(Dataset excerpts)
******************************

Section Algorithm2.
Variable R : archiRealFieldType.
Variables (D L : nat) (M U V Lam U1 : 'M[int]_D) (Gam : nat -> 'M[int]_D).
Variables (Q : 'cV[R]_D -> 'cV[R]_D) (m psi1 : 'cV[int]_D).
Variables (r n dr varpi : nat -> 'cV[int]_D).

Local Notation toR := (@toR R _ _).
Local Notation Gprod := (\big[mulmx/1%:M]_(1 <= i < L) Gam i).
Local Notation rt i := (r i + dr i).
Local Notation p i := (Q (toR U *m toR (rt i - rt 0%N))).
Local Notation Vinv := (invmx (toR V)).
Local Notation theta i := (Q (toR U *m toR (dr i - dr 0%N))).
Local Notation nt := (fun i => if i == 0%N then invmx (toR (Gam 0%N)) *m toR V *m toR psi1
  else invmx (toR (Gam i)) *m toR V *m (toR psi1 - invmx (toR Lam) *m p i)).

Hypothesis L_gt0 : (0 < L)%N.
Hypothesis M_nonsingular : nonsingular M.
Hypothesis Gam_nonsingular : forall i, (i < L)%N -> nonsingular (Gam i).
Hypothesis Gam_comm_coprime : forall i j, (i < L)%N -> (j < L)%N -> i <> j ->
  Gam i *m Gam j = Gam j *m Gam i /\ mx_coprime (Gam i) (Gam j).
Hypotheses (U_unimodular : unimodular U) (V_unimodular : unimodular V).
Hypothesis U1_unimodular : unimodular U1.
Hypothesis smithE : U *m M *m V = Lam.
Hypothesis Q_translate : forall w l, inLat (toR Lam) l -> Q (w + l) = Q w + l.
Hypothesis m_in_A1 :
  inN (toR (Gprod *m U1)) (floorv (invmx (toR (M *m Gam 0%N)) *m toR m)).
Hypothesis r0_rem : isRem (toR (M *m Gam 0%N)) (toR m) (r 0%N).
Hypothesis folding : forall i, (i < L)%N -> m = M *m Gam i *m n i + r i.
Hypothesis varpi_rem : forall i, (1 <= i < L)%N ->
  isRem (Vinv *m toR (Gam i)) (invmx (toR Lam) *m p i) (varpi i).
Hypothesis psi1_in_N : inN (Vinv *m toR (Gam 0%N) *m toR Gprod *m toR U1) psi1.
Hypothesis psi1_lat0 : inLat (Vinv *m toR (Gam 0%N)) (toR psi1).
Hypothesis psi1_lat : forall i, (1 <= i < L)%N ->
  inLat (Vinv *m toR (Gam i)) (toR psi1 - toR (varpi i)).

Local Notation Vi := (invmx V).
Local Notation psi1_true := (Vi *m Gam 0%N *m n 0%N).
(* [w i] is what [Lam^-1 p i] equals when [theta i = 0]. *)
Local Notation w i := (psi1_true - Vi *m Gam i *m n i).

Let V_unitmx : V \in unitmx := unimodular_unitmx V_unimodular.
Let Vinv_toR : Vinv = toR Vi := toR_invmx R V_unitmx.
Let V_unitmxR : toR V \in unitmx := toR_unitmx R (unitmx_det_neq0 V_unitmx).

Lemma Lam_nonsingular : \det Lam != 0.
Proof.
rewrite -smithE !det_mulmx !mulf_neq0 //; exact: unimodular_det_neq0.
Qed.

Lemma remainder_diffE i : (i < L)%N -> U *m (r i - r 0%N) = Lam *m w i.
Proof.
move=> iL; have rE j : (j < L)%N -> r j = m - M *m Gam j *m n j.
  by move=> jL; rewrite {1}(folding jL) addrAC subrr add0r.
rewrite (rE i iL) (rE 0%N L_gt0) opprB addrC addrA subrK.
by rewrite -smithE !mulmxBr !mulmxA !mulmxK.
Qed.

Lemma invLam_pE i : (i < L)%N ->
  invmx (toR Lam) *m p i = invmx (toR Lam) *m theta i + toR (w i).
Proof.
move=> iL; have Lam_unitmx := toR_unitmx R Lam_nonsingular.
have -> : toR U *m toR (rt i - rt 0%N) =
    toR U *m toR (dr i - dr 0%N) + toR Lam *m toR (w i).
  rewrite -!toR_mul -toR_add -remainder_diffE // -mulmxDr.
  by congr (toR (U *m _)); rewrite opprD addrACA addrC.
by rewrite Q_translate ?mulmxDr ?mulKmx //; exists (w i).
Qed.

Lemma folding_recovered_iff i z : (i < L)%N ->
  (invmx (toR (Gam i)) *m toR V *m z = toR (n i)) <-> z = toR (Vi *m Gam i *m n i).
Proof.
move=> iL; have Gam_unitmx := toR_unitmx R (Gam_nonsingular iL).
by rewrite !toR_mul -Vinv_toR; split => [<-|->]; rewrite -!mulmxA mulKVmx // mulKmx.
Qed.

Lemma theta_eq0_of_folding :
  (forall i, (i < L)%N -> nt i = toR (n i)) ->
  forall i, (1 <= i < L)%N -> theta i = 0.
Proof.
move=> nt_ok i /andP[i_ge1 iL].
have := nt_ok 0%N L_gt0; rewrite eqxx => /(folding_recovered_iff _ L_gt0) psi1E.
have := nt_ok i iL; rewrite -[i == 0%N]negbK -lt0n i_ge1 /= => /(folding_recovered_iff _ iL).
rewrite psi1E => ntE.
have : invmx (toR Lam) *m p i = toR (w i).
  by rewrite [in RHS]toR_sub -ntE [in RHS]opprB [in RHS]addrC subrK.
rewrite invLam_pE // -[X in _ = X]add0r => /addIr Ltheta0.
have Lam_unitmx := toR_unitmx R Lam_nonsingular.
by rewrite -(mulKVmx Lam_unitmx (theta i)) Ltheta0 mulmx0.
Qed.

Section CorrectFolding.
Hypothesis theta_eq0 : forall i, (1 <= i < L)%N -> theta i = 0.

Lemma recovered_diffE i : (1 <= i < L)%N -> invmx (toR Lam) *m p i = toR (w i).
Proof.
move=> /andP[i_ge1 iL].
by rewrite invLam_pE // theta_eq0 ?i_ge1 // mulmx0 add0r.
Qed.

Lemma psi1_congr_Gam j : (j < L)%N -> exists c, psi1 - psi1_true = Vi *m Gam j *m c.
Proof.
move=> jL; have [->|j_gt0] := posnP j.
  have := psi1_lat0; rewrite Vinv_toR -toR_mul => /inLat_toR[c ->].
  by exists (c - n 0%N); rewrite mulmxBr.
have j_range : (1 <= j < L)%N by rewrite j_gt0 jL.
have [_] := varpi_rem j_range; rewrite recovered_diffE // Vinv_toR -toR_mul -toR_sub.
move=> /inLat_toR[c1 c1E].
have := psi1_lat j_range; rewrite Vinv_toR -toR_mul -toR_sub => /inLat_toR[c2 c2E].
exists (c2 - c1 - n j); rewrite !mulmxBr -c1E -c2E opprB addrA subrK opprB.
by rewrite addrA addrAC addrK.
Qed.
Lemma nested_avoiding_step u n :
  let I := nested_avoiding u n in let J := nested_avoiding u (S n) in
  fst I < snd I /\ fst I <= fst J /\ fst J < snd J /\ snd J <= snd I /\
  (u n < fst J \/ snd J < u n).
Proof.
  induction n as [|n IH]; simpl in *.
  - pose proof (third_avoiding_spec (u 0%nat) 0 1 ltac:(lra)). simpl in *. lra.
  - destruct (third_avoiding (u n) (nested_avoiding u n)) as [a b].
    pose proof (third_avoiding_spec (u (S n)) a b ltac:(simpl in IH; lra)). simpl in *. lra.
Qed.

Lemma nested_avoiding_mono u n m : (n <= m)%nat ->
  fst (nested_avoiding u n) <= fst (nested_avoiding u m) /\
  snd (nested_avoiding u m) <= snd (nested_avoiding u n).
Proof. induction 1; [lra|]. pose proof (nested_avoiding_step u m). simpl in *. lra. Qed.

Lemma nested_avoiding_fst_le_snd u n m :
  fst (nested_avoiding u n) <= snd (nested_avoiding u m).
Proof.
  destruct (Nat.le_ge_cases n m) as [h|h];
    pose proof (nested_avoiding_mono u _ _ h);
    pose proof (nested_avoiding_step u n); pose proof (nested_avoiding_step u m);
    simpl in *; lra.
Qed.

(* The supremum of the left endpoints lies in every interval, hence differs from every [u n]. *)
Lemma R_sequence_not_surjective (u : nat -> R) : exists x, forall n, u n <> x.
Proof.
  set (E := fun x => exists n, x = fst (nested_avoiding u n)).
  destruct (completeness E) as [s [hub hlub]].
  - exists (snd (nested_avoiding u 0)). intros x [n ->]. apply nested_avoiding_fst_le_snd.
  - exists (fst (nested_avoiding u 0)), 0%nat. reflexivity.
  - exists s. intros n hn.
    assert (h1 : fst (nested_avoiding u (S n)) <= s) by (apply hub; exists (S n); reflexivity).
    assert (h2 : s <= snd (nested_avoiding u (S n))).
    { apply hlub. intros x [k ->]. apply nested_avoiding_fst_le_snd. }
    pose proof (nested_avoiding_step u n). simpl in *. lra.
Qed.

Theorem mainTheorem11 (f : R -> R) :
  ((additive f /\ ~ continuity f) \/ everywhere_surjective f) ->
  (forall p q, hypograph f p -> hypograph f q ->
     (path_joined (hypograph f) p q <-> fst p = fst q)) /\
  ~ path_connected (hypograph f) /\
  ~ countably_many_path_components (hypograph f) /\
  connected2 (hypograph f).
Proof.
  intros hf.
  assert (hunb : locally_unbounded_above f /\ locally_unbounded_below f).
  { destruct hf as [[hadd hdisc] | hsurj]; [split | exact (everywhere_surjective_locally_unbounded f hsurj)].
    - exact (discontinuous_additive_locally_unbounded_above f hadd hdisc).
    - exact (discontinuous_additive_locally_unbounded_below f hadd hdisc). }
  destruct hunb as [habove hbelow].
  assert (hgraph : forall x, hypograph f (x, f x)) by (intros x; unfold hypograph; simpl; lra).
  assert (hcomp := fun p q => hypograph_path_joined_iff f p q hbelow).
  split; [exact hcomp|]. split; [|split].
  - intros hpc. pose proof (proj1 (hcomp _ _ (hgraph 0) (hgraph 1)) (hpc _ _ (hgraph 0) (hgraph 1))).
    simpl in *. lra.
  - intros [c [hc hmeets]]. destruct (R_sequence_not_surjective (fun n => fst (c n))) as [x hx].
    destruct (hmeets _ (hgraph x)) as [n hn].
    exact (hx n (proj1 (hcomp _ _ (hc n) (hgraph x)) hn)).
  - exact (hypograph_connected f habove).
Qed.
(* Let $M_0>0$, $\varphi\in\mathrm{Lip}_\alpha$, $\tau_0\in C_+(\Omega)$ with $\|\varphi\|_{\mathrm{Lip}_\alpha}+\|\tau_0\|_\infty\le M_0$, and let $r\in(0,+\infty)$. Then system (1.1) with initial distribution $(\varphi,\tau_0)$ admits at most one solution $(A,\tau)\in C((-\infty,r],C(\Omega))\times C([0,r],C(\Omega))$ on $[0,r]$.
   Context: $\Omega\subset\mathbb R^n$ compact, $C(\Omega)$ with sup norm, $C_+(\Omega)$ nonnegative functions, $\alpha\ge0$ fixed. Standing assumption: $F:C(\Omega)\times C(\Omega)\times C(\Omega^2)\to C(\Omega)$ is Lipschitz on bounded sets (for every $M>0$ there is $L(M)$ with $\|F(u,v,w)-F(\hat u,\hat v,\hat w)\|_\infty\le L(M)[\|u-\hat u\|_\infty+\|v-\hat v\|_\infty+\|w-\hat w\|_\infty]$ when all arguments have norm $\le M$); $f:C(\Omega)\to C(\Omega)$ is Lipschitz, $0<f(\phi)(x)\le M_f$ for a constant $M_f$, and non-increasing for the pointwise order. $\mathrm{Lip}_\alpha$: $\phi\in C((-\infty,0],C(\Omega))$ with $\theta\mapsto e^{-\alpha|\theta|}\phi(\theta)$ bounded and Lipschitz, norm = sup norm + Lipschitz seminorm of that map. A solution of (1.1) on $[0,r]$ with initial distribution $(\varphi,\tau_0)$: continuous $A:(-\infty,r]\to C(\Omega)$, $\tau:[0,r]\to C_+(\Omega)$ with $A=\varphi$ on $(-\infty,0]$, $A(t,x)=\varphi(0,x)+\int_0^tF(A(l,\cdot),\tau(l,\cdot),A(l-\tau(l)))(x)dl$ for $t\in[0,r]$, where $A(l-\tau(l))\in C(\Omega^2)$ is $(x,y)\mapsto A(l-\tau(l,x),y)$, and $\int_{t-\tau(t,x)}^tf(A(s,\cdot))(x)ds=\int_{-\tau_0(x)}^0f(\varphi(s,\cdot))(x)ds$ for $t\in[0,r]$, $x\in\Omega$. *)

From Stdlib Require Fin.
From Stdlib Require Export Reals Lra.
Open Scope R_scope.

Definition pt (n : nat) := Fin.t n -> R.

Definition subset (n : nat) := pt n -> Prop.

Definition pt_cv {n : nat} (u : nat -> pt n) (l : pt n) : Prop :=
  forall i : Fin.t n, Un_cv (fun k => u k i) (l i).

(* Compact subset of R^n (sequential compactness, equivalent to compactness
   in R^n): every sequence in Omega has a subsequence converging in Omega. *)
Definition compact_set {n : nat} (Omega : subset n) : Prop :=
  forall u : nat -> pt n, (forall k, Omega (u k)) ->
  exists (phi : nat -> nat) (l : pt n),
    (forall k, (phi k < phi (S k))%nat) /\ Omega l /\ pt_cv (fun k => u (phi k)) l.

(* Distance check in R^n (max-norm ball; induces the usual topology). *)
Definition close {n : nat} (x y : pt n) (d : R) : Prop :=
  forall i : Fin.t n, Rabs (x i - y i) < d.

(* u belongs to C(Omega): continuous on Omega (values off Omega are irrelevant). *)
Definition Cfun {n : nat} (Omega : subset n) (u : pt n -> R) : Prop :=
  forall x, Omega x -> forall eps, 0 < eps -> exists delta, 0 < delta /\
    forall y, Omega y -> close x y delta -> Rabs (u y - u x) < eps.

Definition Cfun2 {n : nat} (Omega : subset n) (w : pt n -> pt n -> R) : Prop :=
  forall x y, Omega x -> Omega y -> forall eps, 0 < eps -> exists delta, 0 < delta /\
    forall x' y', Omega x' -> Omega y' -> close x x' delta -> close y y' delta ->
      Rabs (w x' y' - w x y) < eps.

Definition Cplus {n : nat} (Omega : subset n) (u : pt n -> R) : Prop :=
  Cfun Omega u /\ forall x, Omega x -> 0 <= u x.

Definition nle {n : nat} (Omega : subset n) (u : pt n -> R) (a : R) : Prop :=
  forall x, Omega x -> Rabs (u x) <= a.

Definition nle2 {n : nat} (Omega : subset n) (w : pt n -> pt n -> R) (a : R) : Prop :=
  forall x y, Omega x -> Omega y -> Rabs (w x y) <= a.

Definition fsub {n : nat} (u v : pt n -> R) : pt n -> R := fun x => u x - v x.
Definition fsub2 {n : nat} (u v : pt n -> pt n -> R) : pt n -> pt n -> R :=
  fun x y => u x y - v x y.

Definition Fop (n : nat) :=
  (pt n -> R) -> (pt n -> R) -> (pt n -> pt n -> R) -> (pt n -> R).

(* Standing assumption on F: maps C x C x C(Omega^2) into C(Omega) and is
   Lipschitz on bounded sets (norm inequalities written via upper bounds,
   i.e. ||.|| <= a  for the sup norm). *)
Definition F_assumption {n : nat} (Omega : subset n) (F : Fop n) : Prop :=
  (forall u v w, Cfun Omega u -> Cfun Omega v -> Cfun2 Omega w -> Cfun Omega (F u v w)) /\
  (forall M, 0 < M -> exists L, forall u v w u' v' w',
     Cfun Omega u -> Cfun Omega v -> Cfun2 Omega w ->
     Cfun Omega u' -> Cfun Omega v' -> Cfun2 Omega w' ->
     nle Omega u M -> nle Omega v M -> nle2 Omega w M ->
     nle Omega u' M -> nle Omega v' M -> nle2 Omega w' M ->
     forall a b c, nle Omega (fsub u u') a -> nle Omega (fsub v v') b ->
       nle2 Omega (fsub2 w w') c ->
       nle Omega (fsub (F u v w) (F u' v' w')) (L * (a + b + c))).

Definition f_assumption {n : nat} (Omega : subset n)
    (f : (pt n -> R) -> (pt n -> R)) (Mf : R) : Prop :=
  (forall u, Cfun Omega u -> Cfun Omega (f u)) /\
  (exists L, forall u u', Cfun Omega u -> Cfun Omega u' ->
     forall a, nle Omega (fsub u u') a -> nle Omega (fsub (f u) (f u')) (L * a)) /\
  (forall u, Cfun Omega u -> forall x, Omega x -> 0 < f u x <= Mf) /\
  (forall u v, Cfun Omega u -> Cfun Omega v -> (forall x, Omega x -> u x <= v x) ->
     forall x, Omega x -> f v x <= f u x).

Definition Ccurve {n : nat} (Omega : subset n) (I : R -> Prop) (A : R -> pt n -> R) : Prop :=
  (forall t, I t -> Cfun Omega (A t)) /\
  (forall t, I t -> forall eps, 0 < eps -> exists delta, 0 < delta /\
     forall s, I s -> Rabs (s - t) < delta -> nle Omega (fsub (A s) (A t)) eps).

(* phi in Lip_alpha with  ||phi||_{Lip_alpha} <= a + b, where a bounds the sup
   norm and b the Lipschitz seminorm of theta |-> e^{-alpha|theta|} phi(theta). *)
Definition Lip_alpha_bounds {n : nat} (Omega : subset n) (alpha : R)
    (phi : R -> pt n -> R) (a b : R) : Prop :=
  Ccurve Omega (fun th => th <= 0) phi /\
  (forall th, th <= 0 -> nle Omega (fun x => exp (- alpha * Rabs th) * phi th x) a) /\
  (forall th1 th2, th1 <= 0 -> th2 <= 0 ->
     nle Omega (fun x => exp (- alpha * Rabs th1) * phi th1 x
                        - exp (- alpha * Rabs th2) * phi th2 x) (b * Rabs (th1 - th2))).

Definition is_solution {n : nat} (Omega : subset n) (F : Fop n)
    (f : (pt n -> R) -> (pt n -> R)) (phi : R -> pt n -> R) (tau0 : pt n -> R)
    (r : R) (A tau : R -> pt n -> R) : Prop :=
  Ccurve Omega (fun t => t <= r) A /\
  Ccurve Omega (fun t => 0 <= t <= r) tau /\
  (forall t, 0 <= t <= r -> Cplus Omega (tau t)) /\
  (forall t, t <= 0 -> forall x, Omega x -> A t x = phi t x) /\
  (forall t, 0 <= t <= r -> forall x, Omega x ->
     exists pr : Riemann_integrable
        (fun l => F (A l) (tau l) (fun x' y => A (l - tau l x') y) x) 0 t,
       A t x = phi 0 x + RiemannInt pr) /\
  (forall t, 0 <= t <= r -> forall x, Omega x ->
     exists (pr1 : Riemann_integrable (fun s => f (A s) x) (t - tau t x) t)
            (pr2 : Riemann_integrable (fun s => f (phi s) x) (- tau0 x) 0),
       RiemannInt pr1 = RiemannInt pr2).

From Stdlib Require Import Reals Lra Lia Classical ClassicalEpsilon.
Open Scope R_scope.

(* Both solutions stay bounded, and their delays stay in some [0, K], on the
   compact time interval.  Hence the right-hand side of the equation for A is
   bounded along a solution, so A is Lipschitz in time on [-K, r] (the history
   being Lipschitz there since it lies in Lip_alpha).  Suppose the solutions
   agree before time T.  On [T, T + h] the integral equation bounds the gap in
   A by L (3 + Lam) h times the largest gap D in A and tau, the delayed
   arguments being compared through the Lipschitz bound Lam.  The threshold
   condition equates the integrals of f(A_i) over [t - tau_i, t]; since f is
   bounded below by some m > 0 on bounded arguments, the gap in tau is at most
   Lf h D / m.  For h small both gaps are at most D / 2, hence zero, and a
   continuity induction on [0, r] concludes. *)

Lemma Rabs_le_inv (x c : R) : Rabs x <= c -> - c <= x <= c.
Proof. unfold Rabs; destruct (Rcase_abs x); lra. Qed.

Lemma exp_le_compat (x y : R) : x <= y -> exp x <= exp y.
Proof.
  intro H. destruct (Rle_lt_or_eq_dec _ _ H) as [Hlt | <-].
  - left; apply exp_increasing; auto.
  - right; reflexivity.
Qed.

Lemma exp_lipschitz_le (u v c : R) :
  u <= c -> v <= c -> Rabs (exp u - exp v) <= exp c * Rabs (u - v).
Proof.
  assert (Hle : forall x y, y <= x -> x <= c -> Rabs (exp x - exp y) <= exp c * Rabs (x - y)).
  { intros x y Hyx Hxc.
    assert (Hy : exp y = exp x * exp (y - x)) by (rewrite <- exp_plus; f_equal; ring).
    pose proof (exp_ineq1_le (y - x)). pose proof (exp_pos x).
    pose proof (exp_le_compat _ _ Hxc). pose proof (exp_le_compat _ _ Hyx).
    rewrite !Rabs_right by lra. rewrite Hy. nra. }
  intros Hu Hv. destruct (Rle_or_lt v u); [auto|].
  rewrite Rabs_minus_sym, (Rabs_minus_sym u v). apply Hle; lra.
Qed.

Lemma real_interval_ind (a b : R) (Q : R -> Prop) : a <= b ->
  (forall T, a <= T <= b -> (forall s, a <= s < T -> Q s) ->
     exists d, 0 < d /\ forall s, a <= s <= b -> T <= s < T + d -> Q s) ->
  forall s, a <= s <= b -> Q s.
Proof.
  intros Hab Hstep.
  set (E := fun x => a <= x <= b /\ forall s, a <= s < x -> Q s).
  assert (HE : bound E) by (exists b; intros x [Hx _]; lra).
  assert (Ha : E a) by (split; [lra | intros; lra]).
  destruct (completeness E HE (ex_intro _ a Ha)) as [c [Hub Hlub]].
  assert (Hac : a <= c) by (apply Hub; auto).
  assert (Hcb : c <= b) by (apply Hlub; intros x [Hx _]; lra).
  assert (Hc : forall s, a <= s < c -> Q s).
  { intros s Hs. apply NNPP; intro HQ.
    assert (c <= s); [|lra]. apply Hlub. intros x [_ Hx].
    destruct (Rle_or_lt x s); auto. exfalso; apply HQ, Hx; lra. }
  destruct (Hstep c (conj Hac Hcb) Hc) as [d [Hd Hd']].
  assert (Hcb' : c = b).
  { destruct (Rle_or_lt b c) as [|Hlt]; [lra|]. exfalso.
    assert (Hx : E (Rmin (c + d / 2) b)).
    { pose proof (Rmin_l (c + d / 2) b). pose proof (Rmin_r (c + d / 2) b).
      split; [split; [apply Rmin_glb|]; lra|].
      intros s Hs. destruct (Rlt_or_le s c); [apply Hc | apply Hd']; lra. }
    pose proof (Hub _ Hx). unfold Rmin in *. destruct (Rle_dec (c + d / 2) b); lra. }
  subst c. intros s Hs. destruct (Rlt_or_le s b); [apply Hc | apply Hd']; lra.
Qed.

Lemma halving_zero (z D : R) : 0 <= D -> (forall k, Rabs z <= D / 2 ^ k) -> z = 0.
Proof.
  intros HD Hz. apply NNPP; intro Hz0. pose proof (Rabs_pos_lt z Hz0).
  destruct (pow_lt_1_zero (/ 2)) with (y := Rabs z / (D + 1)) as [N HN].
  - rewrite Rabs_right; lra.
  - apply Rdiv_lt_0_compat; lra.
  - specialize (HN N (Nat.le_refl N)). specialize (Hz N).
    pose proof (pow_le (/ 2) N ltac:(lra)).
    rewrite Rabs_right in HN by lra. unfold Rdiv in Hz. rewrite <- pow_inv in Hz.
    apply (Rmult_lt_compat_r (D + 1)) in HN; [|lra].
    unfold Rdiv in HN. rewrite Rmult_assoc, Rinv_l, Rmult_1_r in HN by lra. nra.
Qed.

******************************

→ TASK ITEM:
Copy every line from the entries that contains the word "some".

→ RESPONSE AREA:
(* Both solutions stay bounded, and their delays stay in some [0, K], on the
   bounded below by some m > 0 on bounded arguments, the gap in tau is at most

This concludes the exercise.